« C’est un moment qui fait partie de l’histoire »
« Dès que je reviens sur cette piste, je revis ces moments, son atmosphère et le public qui hurlait nos deux noms, autant l’un que l’autre », se souvient Baala le Strasbourgeois. « S’il était parti 200m plus tard, je l’aurais tapé. Mais là, à 1.000m de l’arrivée, c’était trop costaud… ». A ses côtés, El-Gerrouj sourit. « C’est un moment qui fait partie de l’histoire du sport, sûrement la meilleure époque de ma carrière, mais ce qui me reste le plus en mémoire, c’est la fraternité de tous les concurrents », raconte le Marocain aux quatre titres mondiaux et double médaillé d’or olympique.
Zurich 2004
Complices, les deux hommes ne veulent pas trop livrer de leur amitié aux quelques journalistes présents. Mais quand ils évoquent le meeting de Zurich de 2004, leurs regards en coin s’illuminent. « Globalement, Hicham m’a beaucoup plus fait souffrir que moi je ne l’ai fait souffrir, mais cette course reste le pire souvenir de ma carrière. C’était ultra-rapide et j’ai vécu un calvaire dès la mi-course », rigole Baala. « Pour être franc, j’avais demandé au lièvre de courir le plus vite possible. J’avais la rage et je voulais lâcher le maximum de monde. Résultat : j’ai payé à la fin et j’ai terminé deuxième », explique El-Guerrouj.

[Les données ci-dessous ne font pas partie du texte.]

Lemma succ_expn_subn_le n j : j <= n -> n.+1 ^ j * (n - j) <= n ^ j.+1.
Proof.
elim: j => [|j IH] le_jn; first by rewrite expn0 mul1n subn0 expn1.
have IHj := IH (ltnW le_jn).
have step : n.+1 * (n - j.+1) <= (n - j) * n by nia.
rewrite expnS [n ^ j.+2]expnS.
move: IHj step; set A := n.+1 ^ j; set B := n ^ j.+1 => IHj step.
have scaled_step : A * (n.+1 * (n - j.+1)) <= A * ((n - j) * n).
  by rewrite leq_mul2l step orbT.
have scaled_IH : A * (n - j) * n <= B * n by rewrite leq_mul2r IHj orbT.
nia.
Qed.

(* Apply [succ_expn_subn_le] with [j = n/2] to each half of the exponent. *)
Lemma succ_expn_le n : n.+1 ^ n <= 8 * n ^ n.
Proof.
case: n => [|n] //; set m := n.+1; set h := m./2.
have split_m : m = h + h + odd m by have := odd_double_half m; rewrite -addnn -/h; lia.
have half_bound : m.+1 ^ h <= 2 * m ^ h.
  have le_hm : h <= m by lia.
  have pos : 0 < m - h by lia.
  have := succ_expn_subn_le le_hm; rewrite expnSr -(leq_pmul2r pos).
  move: (m.+1 ^ h) (m ^ h) => Q P bound.
  have : P * m <= P * (2 * (m - h)) by rewrite leq_mul2l; apply/orP; right; lia.
  nia.
have odd_bound : m.+1 ^ odd m <= 2 * m ^ odd m by case: (odd m); rewrite ?expn1 ?expn0; lia.
rewrite {2 4}split_m !expnD.
apply: leq_trans (leq_mul (leq_mul half_bound half_bound) odd_bound) _.
nia.
Qed.

Lemma expn_self_le_fact n : n ^ n <= 8 ^ n * n`!.
Proof.
elim: n => [|n IH] //.
rewrite expnS factS expnS.
have := succ_expn_le n.
move: IH; set P := n ^ n; set Q := n.+1 ^ n; set E := 8 ^ n; set F := n`! => IH bound.
have : n.+1 * Q <= n.+1 * (8 * P) by rewrite leq_mul2l bound orbT.
have : n.+1 * (8 * P) <= n.+1 * (8 * (E * F)) by rewrite !leq_mul2l IH !orbT.
nia.
Qed.

Lemma ffact_le_expn n m : n ^_ m <= n ^ m.
Proof.
elim: m n => [|m IH] n //.
rewrite ffactnS expnS leq_mul2l; apply/orP; right.
by apply: leq_trans (IH _) _; apply/leq_exp2rW/leq_pred.
Qed.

« Il faut qu’il prenne l’initiative »
Quand il s’agit d’assumer l’héritage et de passer le relais, le maître n’hésite pas à faire la leçon à l’élève. « Mehdi est arrivé à maturité, il est plein d’énergie et doit désormais pouvoir analyser son potentiel en course. Mais quand je le vois au milieu du peloton, ça m’embête. Il faut qu’il prenne l’initiative. Il n’est pas au max de ses performances ». Baala se justifie : « Je le sais. Mais je ne suis pas Hicham, je ne peux pas enchaîner les courses et je me concentre pour me construire un palmarès. Les meetings et les chronos viendront peut-être ensuite. C’est assez frustrant, mais c’est le sport ».
« J’ai eu du mal à gérer l’après-Hicham »
Et le Français d’évoquer la perte de repères qu’a entraînée la retraite de son meilleur ennemi : « C’est vrai que j’ai eu du mal à gérer l’après-Hicham, car je calquais mon entraînement sur sa façon de courir. Désormais, je travaille différemment. Je bosse moins sur ma capacité d’accélération sur la longueur et plus sur le changement de rythme ». El-Guerrouj acquiesce. « A mon époque, quand Morcelli est parti, on était plusieurs, d’un niveau égal et très élevé, à se battre pour prendre son fauteuil, c’était différent ».